### What to work on
Those lines of the following listing which contain the string "bigcapP" should be returned.
**** Input data ****
(* Let $X=\{x_1,\dots,x_n\}$ be a finite $T_0$-space admitting a free action of a finite group $G$ by homeomorphisms. Then $\sum_{i=1}^{n}|U_{x_i}|$ and $\sum_{i=1}^{n}|F_{x_i}|$ are multiples of $|G|$.
   Context: For $x\in X$, $U_x$ is the intersection of all open sets containing $x$ and $F_x$ is the intersection of all closed sets containing $x$; equivalently, in the associated poset ($x\le y$ iff $U_x\subseteq U_y$), $U_x=\{y:y\le x\}$ and $F_x=\{y:y\ge x\}$. *)

From mathcomp Require Import all_boot all_fingroup.
Set Implicit Arguments. Unset Strict Implicit. Unset Printing Implicit Defensive.

Section FiniteTopology.
Variable T : finType.

(* [opn] is a topology on T. Since T is finite, closure under binary unions
   (together with set0) gives closure under arbitrary unions. *)
Definition is_topology (opn : {set {set T}}) : Prop :=
  [/\ set0 \in opn, setT \in opn,
      (forall A B, A \in opn -> B \in opn -> A :|: B \in opn) &
      (forall A B, A \in opn -> B \in opn -> A :&: B \in opn)].

Definition is_T0 (opn : {set {set T}}) : Prop :=
  forall x y : T, x != y ->
    exists2 A, A \in opn & (x \in A) != (y \in A).

Definition Uset (opn : {set {set T}}) (x : T) : {set T} :=
  \bigcap_(A in opn | x \in A) A.

Definition Fset (opn : {set {set T}}) (x : T) : {set T} :=
  \bigcap_(C : {set T} | (~: C \in opn) && (x \in C)) C.

End FiniteTopology.

Definition acts_by_homeos (gT : finGroupType) (T : finType) (G : {group gT})
  (to : action G T) (opn : {set {set T}}) : Prop :=
  forall g, g \in G -> forall A : {set T},
    (A \in opn) = ([set to x g | x in A] \in opn).

Definition free_action (gT : finGroupType) (T : finType) (G : {group gT})
  (to : action G T) : Prop :=
  forall g, g \in G -> forall x : T, to x g = x -> g = 1%g.

From mathcomp Require Import all_boot all_fingroup.

(* A free action has all its orbits of size |G|, so the sum of any G-invariant
   function over the points is divisible by |G|. A homeomorphism g maps U_x
   onto U_(gx), and F_x = {y | x \in U_y}, so x |-> |U_x| and x |-> |F_x| are
   G-invariant. *)

Section FiniteTopology.
Variables (T : finType) (opn : {set {set T}}).

Lemma mem_Uset (x y : T) :
  reflect (forall A, A \in opn -> x \in A -> y \in A) (y \in Uset opn x).
Proof.
apply: (iffP bigcapP) => [yU A Aopn xA | yU A /andP[]]; last exact: yU.
by apply: yU; rewrite Aopn xA.
Qed.

Lemma mem_FsetE (x y : T) : (y \in Fset opn x) = (x \in Uset opn y).
Proof.
apply/bigcapP/mem_Uset => [yF A Aopn yA | xU C /andP[Copn xC]].
  apply/negPn/negP => xNA.
  by have := yF (~: A); rewrite setCK Aopn !in_setC xNA yA => /(_ isT).
apply/negPn/negP => yNC.
by have := xU _ Copn; rewrite !in_setC yNC xC => /(_ isT).
Qed.

End FiniteTopology.

Section Action.
Variables (gT : finGroupType) (G : {group gT}) (T : finType).
Variable to : action G T.

Lemma card_orbit_free (x : T) : free_action to -> #|orbit to G x| = #|G|.
Proof.
move=> free; have := card_orbit_in_stab to x (subxx G).
suff -> : #|'C_G[x | to]%g| = 1%N by rewrite muln1.
apply/eqP; rewrite -trivg_card1 eqEsubset sub1G andbT.
apply/subsetP => g; rewrite !inE => /and3P[gG _ /subsetP/(_ x (set11 x))].
by rewrite inE => /eqP /(free g gG) ->.
Qed.

Lemma free_action_dvdn_sum (f : T -> nat) :
  free_action to -> (forall g x, g \in G -> f (to x g) = f x) ->
  (#|G| %| \sum_(x : T) f x)%N.
Proof.
move=> free f_inv.
have actsT : [acts G, on [set: T] | to].
  by apply/subsetP => g gG; rewrite !inE gG; apply/subsetP => y; rewrite !inE.
have orbitsP := orbit_partition actsT.
have -> : \sum_(x : T) f x = \sum_(x in [set: T]) f x.
  by apply: eq_bigl => x; rewrite inE.
rewrite -(cover_partition orbitsP) big_trivIset; last by case/and3P: orbitsP.
apply: dvdn_sum => _ /imsetP[x _ ->].
rewrite (eq_bigr (fun=> f x)) => [|_ /orbitP[g gG <-]]; last exact: f_inv.
by rewrite sum_nat_const card_orbit_free // dvdn_mulr.
Qed.

Lemma card_act_equivariant (S : T -> {set T}) (g : gT) (x : T) : g \in G ->
  (forall y, (to y g \in S (to x g)) = (y \in S x)) ->
  #|S (to x g)| = #|S x|.
Proof.
move=> gG equiv; rewrite -(card_setact to (S x) g).
apply: eq_card => y; rewrite -{1}(actKVin to gG y) equiv.
apply/idP/imsetP => [ySx | [z zSx ->]]; last by rewrite actKin.
by exists (to y g^-1)%g; rewrite ?actKVin.
Qed.

Variable opn : {set {set T}}.
Hypothesis homeo : acts_by_homeos to opn.

Lemma mem_Uset_act (g : gT) (x y : T) : g \in G ->
  (to y g \in Uset opn (to x g)) = (y \in Uset opn x).
Proof.
suff Uset_act_sub h u v : h \in G -> v \in Uset opn u -> to v h \in Uset opn (to u h).
  move=> gG; apply/idP/idP; last exact: Uset_act_sub.
  have gVG : (g^-1 \in G)%g by rewrite groupV.
  by move=> /(Uset_act_sub _ _ _ gVG); rewrite !actKin.
move=> hG /mem_Uset vU; apply/mem_Uset => A Aopn uhA.
have AhVopn : to^* A h^-1%g \in opn by rewrite -homeo ?groupV.
have /(vU _ AhVopn) /imsetP[w wA ->] : u \in to^* A h^-1%g.
  by rewrite -(actKin to hG u) mem_setact.
by rewrite actKVin.
Qed.

Lemma card_Uset_act (g : gT) (x : T) : g \in G ->
  #|Uset opn (to x g)| = #|Uset opn x|.
Proof. by move=> gG; apply: card_act_equivariant => // y; apply: mem_Uset_act. Qed.

Lemma card_Fset_act (g : gT) (x : T) : g \in G ->
  #|Fset opn (to x g)| = #|Fset opn x|.
Proof.
by move=> gG; apply: card_act_equivariant => // y; rewrite !mem_FsetE mem_Uset_act.
Qed.

End Action.

Theorem mainTheorem19 (gT : finGroupType) (G : {group gT}) (T : finType)
  (opn : {set {set T}}) (to : action G T) :
  is_topology opn -> is_T0 opn ->
  acts_by_homeos to opn -> free_action to ->
  (#|G| %| \sum_(x : T) #|Uset opn x|)%N /\
  (#|G| %| \sum_(x : T) #|Fset opn x|)%N.
Proof.
move=> _ _ homeo free; split.
  apply: (@free_action_dvdn_sum _ _ _ to (fun x => #|Uset opn x|) free).
  exact: card_Uset_act homeo.
apply: (@free_action_dvdn_sum _ _ _ to (fun x => #|Fset opn x|) free).
exact: card_Fset_act homeo.
Qed.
****
### Solved problem
apply: (iffP bigcapP) => [yU A Aopn xA | yU A /andP[]]; last exact: yU.
apply/bigcapP/mem_Uset => [yF A Aopn yA | xU C /andP[Copn xC]].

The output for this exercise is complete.